──────── DATA FOR PROCESSING ────────

(* Let $\Gamma=(V,E)$ be a graph, for each $v\in V$ let $C_v$ be a right cancellative monoid, and let $C=\Gamma_{v\in V}C_v$. Let $c$ be a non-unit of $C_v$ and $d$ a non-unit of $C_u$, where $(u,v)\in E$. Then $Cc\cap Cd=Ccd$.
   Context: A graph $\Gamma=(V,E)$ has vertex set $V$ and irreflexive symmetric edge relation $E$. The graph product $\Gamma_{v\in V}C_v$ of pairwise disjoint monoids $C_v$ is the quotient of their free product by the congruence generated by all pairs $(mn,nm)$ with $m\in C_u$, $n\in C_v$, $(u,v)\in E$; each $C_v$ is identified with its image in $C$. *)

From Stdlib Require Import List.
Import ListNotations.

Definition is_monoid (M : Type) (op : M -> M -> M) (e : M) : Prop :=
  (forall a b c, op a (op b c) = op (op a b) c) /\
  (forall a, op e a = a) /\ (forall a, op a e = a).

Definition right_cancellative (M : Type) (op : M -> M -> M) : Prop :=
  forall a b c, op a c = op b c -> a = b.

Definition is_unit (M : Type) (op : M -> M -> M) (e : M) (a : M) : Prop :=
  exists b, op a b = e /\ op b a = e.

Definition is_graph (V : Type) (E : V -> V -> Prop) : Prop :=
  (forall v, ~ E v v) /\ (forall u v, E u v -> E v u).

Section GraphProduct.
Variables (V : Type) (E : V -> V -> Prop) (C : V -> Type)
  (mul : forall v, C v -> C v -> C v) (one : forall v, C v).

Definition letter := { v : V & C v }.
Definition word := list letter.

(* Defining relations of the graph product, presented as a quotient of the
   free monoid on the letters: the first two give the free product of the
   C_v (unit of C_v is the empty word, products inside C_v are merged), the
   third gives the commutation relations mn = nm for m in C_u, n in C_v,
   (u,v) in E. *)
Inductive gp_rel : word -> word -> Prop :=
  | gp_one v : gp_rel [existT _ v (one v)] []
  | gp_mul v a b : gp_rel [existT _ v a; existT _ v b] [existT _ v (mul v a b)]
  | gp_comm u v (m : C u) (n : C v) : E u v ->
      gp_rel [existT _ u m; existT _ v n] [existT _ v n; existT _ u m].

Inductive gp_eq : word -> word -> Prop :=
  | gp_step s l r t : gp_rel l r -> gp_eq (s ++ l ++ t) (s ++ r ++ t)
  | gp_refl w : gp_eq w w
  | gp_sym w1 w2 : gp_eq w1 w2 -> gp_eq w2 w1
  | gp_trans w1 w2 w3 : gp_eq w1 w2 -> gp_eq w2 w3 -> gp_eq w1 w3.

End GraphProduct.

From Stdlib Require Import List Setoid Morphisms Classical ClassicalEpsilon Eqdep.
Import ListNotations.

(* Letters act on words from the right: [push r x m] multiplies m into the
   last x-syllable of r that is visible from the right end (all later letters
   commute with x), deletes it if the product is 1, and appends m otherwise.
   Folding [push] over w yields a word equivalent to w.  Rather than proving
   that this is a normal form, we show that its projections onto the pairs
   {p, q} of non-adjacent vertices (p = q allowed) only depend on the class
   of w; these projections determine the last visible x-syllable together
   with its value.  Hence if w = z c in C, the reduced form of w has a last
   visible v-syllable s c, which is not 1 because C_v is right cancellative
   and c is a non-unit; likewise it has a last visible u-syllable s' d.
   Since u and v are adjacent, both syllables move to the end, and
   w = z' (s c) (s' d) = z' s s' c d. *)

Local Arguments gp_step {V E C mul one} s l r t.
Local Arguments gp_one {V E C mul one} v.
Local Arguments gp_mul {V E C mul one} v a b.
Local Arguments gp_comm {V E C mul one} u v m n.

Definition decide (P : Prop) : bool :=
  if excluded_middle_informative P then true else false.

Lemma decide_true (P : Prop) : decide P = true -> P.
Proof. unfold decide; destruct excluded_middle_informative; congruence. Qed.

Lemma decide_eq_true (P : Prop) : P -> decide P = true.
Proof. unfold decide; destruct excluded_middle_informative; tauto. Qed.

Lemma decide_ext (P Q : Prop) : (P <-> Q) -> decide P = decide Q.
Proof. intro H; unfold decide; do 2 destruct excluded_middle_informative; tauto. Qed.

Lemma filter_nil_all {A} (f : A -> bool) l :
  (forall a, In a l -> f a = false) -> filter f l = [].
Proof. induction l as [|a l IH]; simpl; intros H; auto. rewrite H by auto. auto. Qed.

Lemma filter_nil_notin {A} (f : A -> bool) l a : filter f l = [] -> In a l -> f a = false.
Proof.
  intros Hl Ha. destruct (f a) eqn:Hfa; [|reflexivity].
  assert (Hin : In a (filter f l)) by (apply filter_In; auto).
  rewrite Hl in Hin. contradiction.
Qed.

Lemma filter_snoc_split {A} (f : A -> bool) w l a : filter f w = l ++ [a] ->
  exists w1 w2, w = w1 ++ a :: w2 /\ filter f w1 = l /\ filter f w2 = [].
Proof.
  revert l a; induction w as [|x w IH] using rev_ind; intros l a H.
  - destruct l; discriminate.
  - rewrite filter_app in H; simpl in H. destruct (f x) eqn:Hx.
    + apply app_inj_tail in H as [<- <-]. exists w, []. auto.
    + rewrite app_nil_r in H. destruct (IH _ _ H) as (w1 & w2 & -> & H1 & H2).
      exists w1, (w2 ++ [x]). rewrite <- app_assoc, filter_app, H2; simpl; rewrite Hx. auto.
Qed.

Lemma app_cons_last_unique {A} (P : A -> Prop) a b c d (x y : A) :
  a ++ x :: b = c ++ y :: d -> P x -> P y ->
  Forall (fun z => ~ P z) b -> Forall (fun z => ~ P z) d -> a = c /\ x = y /\ b = d.
Proof.
  revert c; induction a as [|a0 a IH]; intros c H Px Py Hb Hd; destruct c as [|c0 c];
    simpl in H; injection H as H1 H2; subst.
  - auto.
  - exfalso. apply (Forall_elt _ _ _ Hb Py).
  - exfalso. apply (Forall_elt _ _ _ Hd Px).
  - destruct (IH c H2) as (-> & -> & ->); auto.
Qed.

Lemma app_cons_eq_cases {A} (a b c d : list A) (x y : A) : a ++ x :: b = c ++ y :: d -> x <> y ->
  (exists k, a = c ++ y :: k /\ d = k ++ x :: b) \/ (exists k, c = a ++ x :: k /\ b = k ++ y :: d).
Proof.
  intros H Hxy. destruct (app_eq_app _ _ _ _ H) as [[|z k] [[H1 H2]|[H1 H2]]];
    simpl in H2; injection H2 as H2 H3; subst; rewrite ?app_nil_r in *; try congruence; eauto.
Qed.

Section GraphProduct.

Variables (V : Type) (E : V -> V -> Prop) (C : V -> Type)
  (mul : forall v, C v -> C v -> C v) (one : forall v, C v).
Hypothesis HE : is_graph V E.
Hypothesis Hmon : forall v, is_monoid (C v) (mul v) (one v).
Hypothesis Hrc : forall v, right_cancellative (C v) (mul v).

Notation W := (word V C).
Notation geq := (gp_eq V E C mul one).

Lemma E_irrefl x : ~ E x x. Proof. apply HE. Qed.
Lemma E_sym x y : E x y -> E y x. Proof. apply HE. Qed.
Lemma mulA v a b c : mul v a (mul v b c) = mul v (mul v a b) c. Proof. apply Hmon. Qed.
Lemma mul1l v a : mul v (one v) a = a. Proof. apply Hmon. Qed.
Lemma mul1r v a : mul v a (one v) = a. Proof. apply Hmon. Qed.

(* [t c = 1] gives [c t c = c = 1 c], so [c t = 1] by right cancellation. *)
Lemma nonunit_mul_neq1 v (t c : C v) :
  ~ is_unit (C v) (mul v) (one v) c -> mul v t c <> one v.
Proof.
  intros Hc Htc. apply Hc. exists t; split; [|exact Htc].
  apply (Hrc v _ _ c). rewrite <- mulA, Htc, mul1r, mul1l. reflexivity.
Qed.

#[local] Instance gp_eq_Equivalence : Equivalence geq.
Proof. split; [exact (gp_refl _ _ _ _ _) | exact (gp_sym _ _ _ _ _) | exact (gp_trans _ _ _ _ _)]. Qed.

Lemma gp_eq_app_l s a b : geq a b -> geq (s ++ a) (s ++ b).
Proof.
  induction 1 as [s0 l r t Hlr| | |]; try (econstructor; eassumption).
  rewrite (app_assoc s s0 (l ++ t)), (app_assoc s s0 (r ++ t)). exact (gp_step _ _ _ _ Hlr).
Qed.

Lemma gp_eq_app_r t a b : geq a b -> geq (a ++ t) (b ++ t).
Proof.
  induction 1 as [s l r t0 Hlr| | |]; try (econstructor; eassumption).
  rewrite <- !app_assoc. exact (gp_step _ _ _ _ Hlr).
Qed.

#[local] Instance app_gp_eq_Proper : Proper (geq ==> geq ==> geq) (@app (letter V C)).
Proof. intros a a' Ha b b' Hb. transitivity (a' ++ b); [apply gp_eq_app_r | apply gp_eq_app_l]; assumption. Qed.

Definition adj x (L : letter V C) : Prop := E (projT1 L) x.

Lemma gp_eq_commute x m r : Forall (adj x) r ->
  geq (r ++ [existT C x m]) (existT C x m :: r).
Proof.
  induction r as [|[y n] r IH]; intros Hr; simpl; [reflexivity|].
  inversion_clear Hr as [|? ? Hy Hr'].
  transitivity (existT C y n :: existT C x m :: r).
  - exact (gp_eq_app_l [existT C y n] _ _ (IH Hr')).
  - exact (gp_step [] _ _ r (gp_comm y x n m Hy)).
Qed.

(* (x, t) is the last x-syllable of r that can be moved to the right end. *)
Definition is_tail x (r : W) r1 (t : C x) r2 : Prop :=
  r = r1 ++ existT C x t :: r2 /\ Forall (adj x) r2.

Definition has_no_tail x (r : W) : Prop := forall r1 t r2, ~ is_tail x r r1 t r2.

Lemma tail_dec x r : (exists r1 t r2, is_tail x r r1 t r2) \/ has_no_tail x r.
Proof.
  destruct (classic (exists r1 t r2, is_tail x r r1 t r2)) as [H|H]; [now left|right].
  intros r1 t r2 HT. eauto.
Qed.

Lemma gp_eq_tail_to_end x r r1 t r2 : is_tail x r r1 t r2 ->
  geq r ((r1 ++ r2) ++ [existT C x t]).
Proof. intros [-> Hr2]. now rewrite <- app_assoc, gp_eq_commute. Qed.

Lemma adj_neq x l : Forall (adj x) l -> Forall (fun L : letter V C => ~ projT1 L = x) l.
Proof. apply Forall_impl. intros L HL Hx. unfold adj in HL. rewrite Hx in HL. exact (E_irrefl _ HL). Qed.

Lemma tail_unique x r r1 t r2 s1 t' s2 : is_tail x r r1 t r2 -> is_tail x r s1 t' s2 ->
  r1 = s1 /\ t = t' /\ r2 = s2.
Proof.
  intros [-> H2] [H3 H4].
  destruct (app_cons_last_unique (fun L : letter V C => projT1 L = x) _ _ _ _ _ _ H3)
    as (? & Ht & ?); auto using adj_neq.
  apply inj_pair2 in Ht. auto.
Qed.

────────

_WHAT IS REQUIRED_:
All lines from the one containing "Lemma tail_unique x" through the final line of the records above are to be set down exactly, and no other line is to appear.

_EXPECTED ANSWER_:
Lemma tail_unique x r r1 t r2 s1 t' s2 : is_tail x r r1 t r2 -> is_tail x r s1 t' s2 ->
  r1 = s1 /\ t = t' /\ r2 = s2.
Proof.
  intros [-> H2] [H3 H4].
  destruct (app_cons_last_unique (fun L : letter V C => projT1 L = x) _ _ _ _ _ _ H3)
    as (? & Ht & ?); auto using adj_neq.
  apply inj_pair2 in Ht. auto.
Qed.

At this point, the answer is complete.